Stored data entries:
Section tv_ball.
Variables (R : realType) (S : finType) (rho : R).
Hypotheses (rho_ge0 : 0 <= rho) (rho_le1 : rho <= 1).
Implicit Types (p q w : S -> R).

Definition tv_inf p w : R := inf [set \sum_s q s * w s | q in tv_ball rho p].

Lemma tv_ball_refl p : is_dist p -> tv_ball rho p p.
Proof.
by move=> pd; split => //; rewrite big1 ?mulr0 // => s _; rewrite subrr normr0.
Qed.

Lemma tv_ball_mix_dirac p t : is_dist p ->
  tv_ball rho p (fun s => (1 - rho) * p s + rho * (s == t)%:R).
Proof.
move=> [p0 p1]; have rho'_ge0 : 0 <= 1 - rho by rewrite subr_ge0.
have dirac1 : \sum_s ((s == t)%:R : R) = 1.
  by rewrite (bigD1 t) //= eqxx big1 ?addr0 // => s /negbTE ->.
split; first split.
- by move=> s; rewrite addr_ge0 // mulr_ge0.
- by rewrite big_split /= -!mulr_sumr p1 dirac1 !mulr1 subrK.
apply: le_trans (_ : 2^-1 * (rho * 2) <= _); last first.
  by rewrite mulrCA mulVf ?mulr1 // pnatr_eq0.
rewrite ler_wpM2l ?invr_ge0 ?ler0n //.
apply: le_trans (_ : \sum_s rho * ((s == t)%:R + p s) <= _); last first.
  by rewrite -mulr_sumr big_split /= dirac1 p1.
apply: ler_sum => s _.
have -> : (1 - rho) * p s + rho * (s == t)%:R - p s = rho * ((s == t)%:R - p s)
  by ring.
rewrite normrM ger0_norm // ler_wpM2l //; apply: le_trans (ler_normB _ _) _.
by rewrite ger0_norm ?ler0n // ger0_norm.
Qed.

Lemma tv_values_neq0 p w : is_dist p ->
  [set \sum_s q s * w s | q in tv_ball rho p] !=set0.
Proof. by move=> pd; exists (\sum_s p s * w s), p => //; apply: tv_ball_refl. Qed.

Activity:
Lines before the one containing "by rewrite mulrCA" are left out. Repeat that line and all lines after it in the records above exactly.

Answer for this exercise:
  by rewrite mulrCA mulVf ?mulr1 // pnatr_eq0.
rewrite ler_wpM2l ?invr_ge0 ?ler0n //.
apply: le_trans (_ : \sum_s rho * ((s == t)%:R + p s) <= _); last first.
  by rewrite -mulr_sumr big_split /= dirac1 p1.
apply: ler_sum => s _.
have -> : (1 - rho) * p s + rho * (s == t)%:R - p s = rho * ((s == t)%:R - p s)
  by ring.
rewrite normrM ger0_norm // ler_wpM2l //; apply: le_trans (ler_normB _ _) _.
by rewrite ger0_norm ?ler0n // ger0_norm.
Qed.

Lemma tv_values_neq0 p w : is_dist p ->
  [set \sum_s q s * w s | q in tv_ball rho p] !=set0.
Proof. by move=> pd; exists (\sum_s p s * w s), p => //; apply: tv_ball_refl. Qed.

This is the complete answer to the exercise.